“For six o’clock to-morrow. I heard it from Surcouf himself,” added M. de Terremondre. “They’ve got the guillotine at the station.”

“That’s a good thing,” said Dr. Fornerol. “For three nights the crowd has been congregating at the cross-roads of les Évées and there have been several accidents. Julien’s son fell from a tree on his head and cracked his skull. I’m afraid it’s impossible to save him.

“As for the condemned,” continued the doctor, “nobody, not even the President of the Republic, could prolong his life. For this young lad who was vigorous and sound up to the time of his arrest is now in the last stage of consumption.”

“Have you seen him in his cell, then?” asked Paillot.

“Several times,” answered Dr. Fornerol, “and I have even attended him professionally at Ossian Colot’s request, for he is always deeply interested in the moral and physical well-being of his boarders.”

“He’s a real philanthropist,” answered M. de Terremondre. “And the fact ought to be recognised that, in its way, our municipal prison is an admirable institution, with its clean, white cells, all radiating from a central watch-tower, and so skilfully arranged that all the occupants are constantly under observation without being aware of the fact. Nothing can be said against it, it is complete and modern and all on the newest lines. Last year, when I was on a walking tour in Morocco, I saw at Tangier, in a courtyard shaded by a mulberry tree, a wretched building of mud and plaster, with a huge negro dressed in rags lying asleep in front of it. Being a soldier, he was armed with a cudgel. Swarthy hands clasping wicker baskets were projecting from the narrow windows of the building. These belonged to the prisoners, who were offering the passers-by the products of their lazy efforts, in exchange for a copper or two. Their guttural voices whined out prayers and complaints, which were harshly punctuated at intervals by curses and furious shouts. For they were all shut up together in a vast hall and spent the time in quarrelling with one another about the apertures, through which they all wanted to pass their baskets. Whenever a dispute was too noisy, the black soldier would wake up and force both baskets and suppliant hands back within the walls by a vigorous onslaught of his cudgel. In a few seconds, however, more hands would appear, all sunburnt and tattooed in blue like the first ones. I had the curiosity to peep into the prison hall through the chinks in an old wooden door. I could see in the dim-lit, shadowy place a horde of tatterdemalions scattered over the damp ground, bronzed bodies sleeping on piles of red rags, solemn faces with long venerable beards beneath their turbans, nimble blackamoors weaving baskets with shouts of laughter. On swollen limbs here and there could be seen soiled linen bandages barely hiding sores and ulcers, and one could see and hear the vermin wave and rustle in all directions. Sometimes a laugh passed round the room. And a black hen was pecking at the filthy ground with her beak. The soldier allowed me to watch the prisoners as long as I liked, waiting for me to go, before he begged of me. Then I thought of the governor of our splendid municipal prison, and I said to myself: ‘If only M. Ossian Colot were to come to Tangier he would soon discover and sweep away this crowding, this horrible promiscuity.’”

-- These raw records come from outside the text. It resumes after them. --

(* Let $G$ be a bipartite graph between a hidden set $U$ with $|U|=n$ and an observed set $V$, with edge weights $w(u,v)\in\{-1,+1\}$. For $v\in V$ let $B(v)\subseteq U$ be its set of neighbours and $B^+(v)=\{u\in B(v): w(u,v)=+1\}$. Assume $|B(v)|\le d$ for all $v\in V$. Let $k=\rho n$ be a positive integer, let $S$ be a uniformly random $k$-subset of $U$, $h$ its indicator vector, and $y_v=\operatorname{sgn}\big(\sum_{u\in B(v)}w(u,v)h_u\big)$ for $v\in V$. Let $u\neq v$ in $V$. (a) If $B^+(u)\cap B^+(v)\ne\emptyset$ and $2\rho d\le 0.1$, then $\Pr[y_u=y_v=1]\ge 0.9\rho$. (b) If $B^+(u)\cap B^+(v)=\emptyset$, then $\Pr[y_u=y_v=1]\le \rho^2|B^+(u)|\,|B^+(v)|\le(\rho d)^2$.
   Context: $\operatorname{sgn}(x)=1$ if $x>0$ and $0$ otherwise. Two observed nodes $u,v$ are called related if they have a common hidden neighbour joined to both by $+1$ edges, i.e. $B^+(u)\cap B^+(v)\neq\emptyset$. *)

From HB Require Import structures.
From mathcomp Require Import all_boot all_order all_algebra.
Set Implicit Arguments. Unset Strict Implicit. Unset Printing Implicit Defensive.
Import Order.TTheory GRing.Theory Num.Theory.
Local Open Scope ring_scope.

Definition Bplus (n : nat) (V : finType) (B : V -> {set 'I_n})
  (w : 'I_n -> V -> int) (v : V) : {set 'I_n} :=
  [set u in B v | w u v == 1].

Definition sgn (x : int) : int := if 0 < x then 1 else 0.

Definition indic (n : nat) (S : {set 'I_n}) (u : 'I_n) : int := (u \in S)%:R.

Definition yv (n : nat) (V : finType) (B : V -> {set 'I_n})
  (w : 'I_n -> V -> int) (S : {set 'I_n}) (v : V) : int :=
  sgn (\sum_(u in B v) w u v * indic S u).

Definition probk (n k : nat) (E : {set 'I_n} -> bool) : rat :=
  (#|[set S : {set 'I_n} | (#|S| == k) && E S]|%:R) / ('C(n, k))%:R.

From HB Require Import structures.
From mathcomp Require Import all_boot all_order all_algebra.
From mathcomp Require Import ring lra.
Import Order.TTheory GRing.Theory Num.Theory.
Local Open Scope ring_scope.
Set Implicit Arguments. Unset Strict Implicit.

(* Everything rests on two facts about a uniformly random k-subset S of an
   n-set (rho = k/n): a fixed point lies in S with probability exactly rho,
   and two fixed distinct points both lie in S with probability
   k(k-1)/(n(n-1)) <= rho^2.  Both are instances of the counting identity
   #{S : X <= S, |S| = k} * n^_|X| = k^_|X| * C(n, k) (falling factorials),
   proved first for an arbitrary finite type.  After the elementary
   monotonicity and union bounds for [probk], two facts about the threshold
   y_x = sgn(sum_b w(b,x) h_b) are proved: x fires when a +1 neighbour is
   the only neighbour of x in S, and a firing x has a +1 neighbour in S.
   (a) For a common +1 neighbour a of u and v, the event {a in S} is covered
       by {both fire} and the events {a, b in S} for the other neighbours b,
       so rho <= Pr + 2d rho^2 <= Pr + rho/10.
   (b) If B+(u), B+(v) are disjoint, {both fire} is covered by the events
       {a, c in S} with a in B+(u), c in B+(v), a <> c, whence the bound. *)

(* Both sides count the (j + m)-subsets of an N-set carrying an ordered list
   of m of their elements (listing the marks first, or the subset first);
   proved by induction on m, one factor at a time via [mul_bin_diag]. *)
Lemma mul_bin_ffact (N m j : nat) :
  ('C(N - m, j) * N ^_ m = (j + m) ^_ m * 'C(N, j + m))%N.
Proof.
elim: m j => [|m IHm] j; first by rewrite subn0 addn0 ffactn0 muln1 mul1n.
have step : ((N - m) * 'C(N - m.+1, j) = j.+1 * 'C(N - m, j.+1))%N.
  by rewrite subnS mul_bin_diag.
rewrite -addSnnS ffactnSr ffactnSr addnK.
transitivity (j.+1 * ('C(N - m, j.+1) * N ^_ m))%N.
  by rewrite [RHS]mulnA -step; ring.
by rewrite IHm; ring.
Qed.

(* The k-supersets of X correspond to the (k - |X|)-subsets of its complement. *)
Lemma card_ksupersets_bin (T : finType) (X : {set T}) (k : nat) : (#|X| <= k)%N ->
  #|[set S : {set T} | (X \subset S) && (#|S| == k)]| = 'C(#|T| - #|X|, k - #|X|).
Proof.
move=> leXk.
have cardXC : #|~: X| = (#|T| - #|X|)%N by rewrite -(cardsC X) addKn.
rewrite -cardXC -cards_draws; symmetry.
rewrite -(@card_in_imset _ _ (fun A => A :|: X)); last first.
  move=> A1 A2; rewrite !inE => /andP[sub1 _] /andP[sub2 _] eqU.
  have: (A1 :|: X) :\: X = (A2 :|: X) :\: X by rewrite eqU.
  rewrite !setDUl setDv !setU0.
  by move: sub1 sub2; rewrite -!disjoints_subset => /setDidPl -> /setDidPl ->.
apply: eq_card => S; rewrite inE; apply/imsetP/andP.
- move=> [A]; rewrite inE => /andP[sAXC /eqP cardA] ->; split; first exact: subsetUr.
  have disjAX : A :&: X = set0.
    by apply/eqP; rewrite setI_eq0 disjoints_subset.
  by rewrite cardsU disjAX cards0 subn0 cardA subnK.
- move=> [sXS /eqP cardS]; exists (S :\: X).
    by rewrite inE subsetDr cardsDS // cardS eqxx.
  by rewrite setDE setUIl [~: X :|: X]setUC setUCr setIT; apply/esym/setUidPl.
Qed.

(* The counting identity behind all probabilities below; both sides vanish
   when k < |X|. *)
Lemma card_ksupersets (T : finType) (X : {set T}) (k : nat) :
  (#|[set S : {set T} | (X \subset S) && (#|S| == k)]| * #|T| ^_ #|X|
    = k ^_ #|X| * 'C(#|T|, k))%N.
Proof.
have [ltkX|leXk] := ltnP k #|X|; last first.
  by rewrite card_ksupersets_bin // -{2 3}(subnK leXk) mul_bin_ffact.
rewrite (ffact_small ltkX) mul0n; apply/eqP; rewrite muln_eq0 cards_eq0; apply/orP; left.
apply/eqP/setP => S; rewrite !inE; apply/negbTE/andP => -[/subset_leq_card leXS /eqP cardS].
by move: ltkX; rewrite -cardS ltnNge leXS.
Qed.

Lemma card_bigcup_le (I T : finType) (P : pred I) (F : I -> {set T}) :
  (#|\bigcup_(i | P i) F i| <= \sum_(i | P i) #|F i|)%N.
Proof.
elim/big_rec2: _ => [|i x U _ IH]; first by rewrite cards0.
by apply: leq_trans (leq_card_setU _ _).1 _; rewrite leq_add2l.
Qed.

Lemma ler_nat_div (R : numFieldType) (a b c e : nat) :
  (0 < b)%N -> (0 < e)%N -> (a * e <= c * b)%N -> a%:R / b%:R <= c%:R / e%:R :> R.
Proof.
move=> b_gt0 e_gt0 cross.
by rewrite ler_pdivrMr ?ltr0n // mulrAC ler_pdivlMr ?ltr0n // -!natrM ler_nat.
Qed.

Section UniformKSubsets.

Variables n k : nat.

Local Notation Pr := (@probk n k).

Lemma eq_probk (E F : {set 'I_n} -> bool) : E =1 F -> Pr E = Pr F.
Proof.
by move=> eqEF; rewrite /probk; congr (_%:R / _); apply: eq_card => S; rewrite !inE eqEF.
Qed.

Lemma probk_mono (E F : {set 'I_n} -> bool) :
  (forall S : {set 'I_n}, #|S| = k -> E S -> F S) -> Pr E <= Pr F.
Proof.
move=> EF; rewrite /probk; apply: ler_wpM2r; first by rewrite invr_ge0 ler0n.
rewrite ler_nat; apply/subset_leq_card/subsetP => S; rewrite !inE.
by case/andP => /eqP cardS ES; rewrite cardS eqxx EF.
Qed.

Lemma probk_or (E F : {set 'I_n} -> bool) :
  Pr (fun S => E S || F S) <= Pr E + Pr F.
Proof.
rewrite /probk -mulrDl; apply: ler_wpM2r; first by rewrite invr_ge0 ler0n.
rewrite -natrD ler_nat; apply: leq_trans (leq_card_setU _ _).1.
by apply/subset_leq_card/subsetP => S; rewrite !inE andb_orr.
Qed.

Lemma probk_exists (I : finType) (A : {set I}) (E : I -> {set 'I_n} -> bool) :
  Pr (fun S => [exists i in A, E i S]) <= \sum_(i in A) Pr (E i).
Proof.
rewrite /probk -mulr_suml; apply: ler_wpM2r; first by rewrite invr_ge0 ler0n.
rewrite -natr_sum ler_nat; apply: leq_trans (card_bigcup_le _ _).
apply/subset_leq_card/subsetP => S; rewrite inE => /andP[cardS /exists_inP[i iA ES]].
by apply/bigcupP; exists i; rewrite // inE cardS.
Qed.

Hypothesis leqkn : (k <= n)%N.

Lemma probk_supersets (X : {set 'I_n}) :
  Pr (fun S => X \subset S) = (k ^_ #|X|)%:R / (n ^_ #|X|)%:R.
Proof.
have bin_gt0 : (0 < 'C(n, k))%N by rewrite bin_gt0.
have ffact_gt0 : (0 < n ^_ #|X|)%N.
  by rewrite ffact_gt0 -[X in (_ <= X)%N]card_ord max_card.
apply/eqP; rewrite /probk eqr_div ?pnatr_eq0 -?lt0n // -!natrM eqr_nat.
have := card_ksupersets X k; rewrite card_ord => <-.
by apply/eqP; congr (_ * _)%N; apply: eq_card => S; rewrite !inE andbC.
Qed.

Lemma probk_mem (a : 'I_n) : Pr (fun S => a \in S) = k%:R / n%:R.
Proof.
rewrite (@eq_probk _ (fun S => [set a] \subset S)) => [|S]; last by rewrite sub1set.
by rewrite probk_supersets cards1 !ffactn1.
Qed.

Lemma probk_mem2 (a b : 'I_n) : a != b ->
  Pr (fun S => (a \in S) && (b \in S)) <= (k%:R / n%:R) ^+ 2.
Proof.
move=> neq_ab; have card_ab : #|[set a; b]| = 2 by rewrite cards2 neq_ab.
have n_gt1 : (1 < n)%N by have := max_card [set a; b]; rewrite card_ab card_ord.
rewrite (@eq_probk _ (fun S => [set a; b] \subset S)) => [|S]; last first.
  by rewrite subUset !sub1set.
rewrite probk_supersets card_ab (ffactnS k) (ffactnS n) !ffactn1 expr_div_n -!natrX.
have shrink : ((k - 1) * n <= k * (n - 1))%N.
  by rewrite mulnBl mulnBr mul1n muln1 leq_sub2l.
apply: ler_nat_div; rewrite ?muln_gt0 ?expn_gt0 -?subn1 ?subn_gt0 ?(ltnW n_gt1) //.
have -> : (k * (k - 1) * n ^ 2 = (k * n) * ((k - 1) * n))%N by ring.
have -> : (k ^ 2 * (n * (n - 1)) = (k * n) * (k * (n - 1)))%N by ring.
by rewrite leq_mul2l shrink orbT.
Qed.

End UniformKSubsets.

Section Thresholds.

Variables (n : nat) (V : finType) (B : V -> {set 'I_n}) (w : 'I_n -> V -> int).

Lemma card_Bplus (x : V) : (#|Bplus B w x| <= #|B x|)%N.
Proof. by apply/subset_leq_card/subsetP => b; rewrite inE => /andP[]. Qed.

Lemma yv_lone_positive (S : {set 'I_n}) (x : V) (a : 'I_n) :
  a \in Bplus B w x -> a \in S ->
  (forall b, b \in B x -> b != a -> b \notin S) -> yv B w S x = 1.
Proof.
rewrite inE => /andP[a_x /eqP w_a] a_S others.
rewrite /yv (bigD1 a) //= big1 => [|b /andP[b_x b_ne_a]]; last first.
  by rewrite /indic (negbTE (others b b_x b_ne_a)) mulr0.
by rewrite addr0 /indic a_S w_a mul1r.
Qed.

Hypothesis signed : forall (x : V) (b : 'I_n), b \in B x -> w b x = 1 \/ w b x = -1.

Lemma yv_positive_witness (S : {set 'I_n}) (x : V) :
  yv B w S x = 1 -> exists2 b, b \in Bplus B w x & b \in S.
Proof.
rewrite /yv /sgn; case: ifP => // sum_pos _.
case: (boolP [exists b in Bplus B w x, b \in S]) => [/exists_inP //|].
rewrite negb_exists_in => /forall_inP no_witness.
have : \sum_(b in B x) w b x * indic S b <= \sum_(b in B x) 0.
  apply: ler_sum => b b_x; rewrite /indic.
  case b_S: (b \in S); last by rewrite mulr0.
  have : b \notin Bplus B w x by apply: contraL b_S; apply: no_witness.
  by rewrite inE b_x /=; case: (signed b_x) => ->.
by rewrite big1_eq leNgt sum_pos.
Qed.

End Thresholds.

Section PairsFiringTogether.

Variables (n : nat) (V : finType) (B : V -> {set 'I_n}) (w : 'I_n -> V -> int).
Variable k : nat.
Hypothesis leqkn : (k <= n)%N.

Local Notation rho := (k%:R / n%:R : rat).
Local Notation both_fire u v :=
  (fun S => (yv B w S u == 1) && (yv B w S v == 1)).

(* Part (a) before arithmetic: a common +1 neighbour a forces both nodes to
   fire unless another neighbour of u or v joins a in S. *)
Lemma related_pair_prob (u v : V) (a : 'I_n) :
  a \in Bplus B w u -> a \in Bplus B w v ->
  rho <= probk k (both_fire u v) + #|(B u :|: B v) :\ a|%:R * rho ^+ 2.
Proof.
move=> a_u a_v; set D := (B u :|: B v) :\ a.
pose pair_in (S : {set 'I_n}) := [exists b in D, (a \in S) && (b \in S)].
have a_covered : probk k (fun S => a \in S) <=
    probk k (fun S => both_fire u v S || pair_in S).
  apply: probk_mono => S _ a_S /=.
  case: (boolP (pair_in S)) => [_|]; first by rewrite orbT.
  rewrite negb_exists_in => /forall_inP alone; rewrite orbF.
  have lone b : b \in B u :|: B v -> b != a -> b \notin S.
    by move=> b_uv b_ne_a; have := alone b; rewrite a_S; apply; rewrite in_setD1 b_ne_a.
  rewrite (yv_lone_positive a_u a_S) => [|b b_u]; last by apply: lone; rewrite inE b_u.
  rewrite (yv_lone_positive a_v a_S) => [//|b b_v].
  by apply: lone; rewrite inE b_v orbT.
rewrite -{1}(probk_mem leqkn a).
apply: le_trans a_covered (le_trans (probk_or k (both_fire u v) pair_in) _).
rewrite lerD2l; apply: le_trans (probk_exists k D (fun b S => (a \in S) && (b \in S))) _.
rewrite mulr_natl -sumr_const; apply: ler_sum => b; rewrite !inE => /andP[b_ne_a _].
by apply: (probk_mem2 leqkn); rewrite eq_sym.
Qed.

Hypothesis signed : forall (x : V) (b : 'I_n), b \in B x -> w b x = 1 \/ w b x = -1.

(* Part (b): without common +1 neighbours, firing together needs two
   distinct points of S, one in B+(u) and one in B+(v). *)
Lemma unrelated_pair_prob (u v : V) : Bplus B w u :&: Bplus B w v = set0 ->
  probk k (both_fire u v) <= rho ^+ 2 * #|Bplus B w u|%:R * #|Bplus B w v|%:R.
Proof.
move=> disjoint_plus; set P := setX (Bplus B w u) (Bplus B w v).
pose pair_in (p : 'I_n * 'I_n) (S : {set 'I_n}) := (p.1 \in S) && (p.2 \in S).
have fire_covered :
    probk k (both_fire u v) <= probk k (fun S => [exists p in P, pair_in p S]).
  apply: probk_mono => S _ /andP[/eqP fire_u /eqP fire_v].
  have [a a_u a_S] := yv_positive_witness signed fire_u.
  have [c c_v c_S] := yv_positive_witness signed fire_v.
  by apply/exists_inP; exists (a, c); rewrite ?in_setX ?a_u ?c_v //= /pair_in a_S c_S.
apply: le_trans fire_covered (le_trans (probk_exists k P pair_in) _).
rewrite -mulrA -natrM -cardsX -/P mulr_natr -sumr_const.
apply: ler_sum => -[a c]; rewrite in_setX => /andP[a_u c_v].
apply: (probk_mem2 leqkn); apply/eqP => /= a_eq_c; subst c.
have : a \in Bplus B w u :&: Bplus B w v by rewrite inE a_u c_v.
by rewrite disjoint_plus inE.
Qed.

End PairsFiringTogether.

Theorem mainTheorem3 (n : nat) (V : finType) (B : V -> {set 'I_n})
  (w : 'I_n -> V -> int) (d k : nat)
  (hw : forall (v : V) (u : 'I_n), u \in B v -> (w u v = 1 \/ w u v = -1))
  (hd : forall v : V, (#|B v| <= d)%N)
  (hk0 : (0 < k)%N) (hkn : (k <= n)%N)
  (u v : V) (huv : u != v) :
  let rho : rat := k%:R / n%:R in
  let Pr := @probk n k (fun S => (yv B w S u == 1) && (yv B w S v == 1)) in
  (Bplus B w u :&: Bplus B w v != set0 ->
     2 * rho * d%:R <= 1 / 10%:R -> 9%:R / 10%:R * rho <= Pr) /\
  (Bplus B w u :&: Bplus B w v = set0 ->
     Pr <= rho ^+ 2 * (#|Bplus B w u|)%:R * (#|Bplus B w v|)%:R /\
     rho ^+ 2 * (#|Bplus B w u|)%:R * (#|Bplus B w v|)%:R <= (rho * d%:R) ^+ 2).
Proof.
move=> rho Pr; have rho_ge0 : 0 <= rho by rewrite divr_ge0 ?ler0n.
split=> [/set0Pn[a] | disjoint_plus].
- rewrite inE => /andP[a_u a_v] small_rho.
  have card_D : #|(B u :|: B v) :\ a|%:R <= 2 * d%:R :> rat.
    rewrite -natrM ler_nat mul2n -addnn (leq_trans (subset_leq_card (subsetDl _ _))) //.
    exact: leq_trans (leq_card_setU _ _).1 (leq_add (hd u) (hd v)).
  have := related_pair_prob hkn a_u a_v; rewrite -/rho -/Pr => covered.
  nra.
- split; first exact: (unrelated_pair_prob hkn hw disjoint_plus).
  rewrite [(rho * _) ^+ 2]exprMn -mulrA; apply: ler_wpM2l; first exact: exprn_ge0.
  by rewrite -natrM -natrX ler_nat expnS expn1 leq_mul // (leq_trans (card_Bplus _ _ _)).
Qed.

“You paint a picture of barbarism which I recognise,” answered M. Bergeret. “It is far less cruel than civilisation. For these Mussulman prisoners have no sufferings to undergo, save such as arise from the indifference or the occasional savagery of their gaolers. At least the philanthropists leave them alone and their life is endurable, for they escape the torture of the cell system, and in comparison with the cell invented by the penal code of science, every other sort of prison is quite pleasant.

“There is,” continued M. Bergeret, “a peculiar savagery in civilised peoples, which surpasses in cruelty all that the imagination of barbarism can conceive. A criminal expert is a much fiercer being than a savage, and a philanthropist will invent tortures unknown in China or Persia. A Persian executioner kills his prisoners by starving them, but it required a philanthropist to conceive the idea of killing them with solitude. It is on the principle of solitude that the punishment of the cell system depends, and no other penalty can be compared with it for duration and cruelty. The sufferer, if he is lucky, becomes mad through it, and madness mercifully destroys in him all sense of his sufferings. People imagine they are justifying this abominable system when they allege that the prisoner must be withdrawn from the bad influence of his fellows and put in a position where he cannot give way to immoral or criminal instincts. People who reason in this way are really such great fools that one can scarcely call them hypocrites.”

“You are right,” said M. Mazure. “But let us be just to our own age. The Revolution not only accomplished a reform in judicial procedure, but also much improved the lot of the prisoner. The dungeons of the olden times were generally dark, pestilential dens.”

“It is true,” replied M. Bergeret, “that men have been cruel and malicious in every age and have always delighted in tormenting the wretched. But before philanthropists arose, at any rate, men were only tortured through a simple feeling of hatred and desire for revenge, and not for the good of their morals.”